(* Let $Q\subset\mathbb R^2$ be an $\mathbb R$-unimodular copy of the unit square $[0,1]^2$, and let $P\subset\mathbb R^2$ be a parallelogram such that the relative interior of each of the four facets of $P$ contains exactly one vertex of $Q$ (distinct facets containing distinct vertices). Then $P$ is $\mathbb R$-$\Delta_2$-free and inclusion-maximal among $\mathbb R$-$\Delta_2$-free convex sets.
   Context: $\Delta_2=\mathrm{conv}(\mathbf 0,e_1,e_2)$. An $\mathbb R$-unimodular copy of $X$ is $T(X)$ where $T(x)=Mx+b$, $M\in\mathrm{GL}_2(\mathbb Z)$, $b\in\mathbb R^2$. A convex set is $\mathbb R$-$\Delta_2$-free if its relative interior contains no $\mathbb R$-unimodular copy of $\Delta_2$. *)

From mathcomp Require Import all_boot all_order all_algebra.
From mathcomp Require Import classical_sets reals.
Set Implicit Arguments. Unset Strict Implicit. Unset Printing Implicit Defensive.
Import Order.TTheory GRing.Theory Num.Theory.
Local Open Scope ring_scope.
Local Open Scope classical_set_scope.

Section Defs.
Variable R : realType.

Definition pt := (R * R)%type.
Definition padd (p q : pt) : pt := (p.1 + q.1, p.2 + q.2).
Definition pscale (t : R) (p : pt) : pt := (t * p.1, t * p.2).
Definition pcomb (t : R) (p q : pt) : pt := padd (pscale (1 - t) p) (pscale t q).

Definition convex_set (K : set pt) : Prop :=
  forall p q t, K p -> K q -> 0 <= t <= 1 -> K (pcomb t p q).

Definition affine_set (A : set pt) : Prop :=
  forall p q t, A p -> A q -> A (pcomb t p q).

Definition aff_hull (K : set pt) : set pt :=
  fun x => forall A, affine_set A -> K `<=` A -> A x.

Definition relint (K : set pt) : set pt :=
  fun x => K x /\ exists e : R, 0 < e /\
    forall y, aff_hull K y -> (y.1 - x.1) ^+ 2 + (y.2 - x.2) ^+ 2 < e ^+ 2 -> K y.

Definition umap (m11 m12 m21 m22 : int) (b : pt) (x : pt) : pt :=
  (m11%:~R * x.1 + m12%:~R * x.2 + b.1, m21%:~R * x.1 + m22%:~R * x.2 + b.2).

Definition unimodular (m11 m12 m21 m22 : int) : Prop :=
  m11 * m22 - m12 * m21 = 1 \/ m11 * m22 - m12 * m21 = -1.

Definition Delta2 : set pt := fun x => 0 <= x.1 /\ 0 <= x.2 /\ x.1 + x.2 <= 1.

Definition R_Delta2_free (K : set pt) : Prop :=
  convex_set K /\
  ~ (exists (m11 m12 m21 m22 : int) (b : pt),
        unimodular m11 m12 m21 m22 /\ umap m11 m12 m21 m22 b @` Delta2 `<=` relint K).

## Your instructions:
Present each line from the listing that holds the string "Local".

## Your solution:
Local Open Scope ring_scope.
Local Open Scope classical_set_scope.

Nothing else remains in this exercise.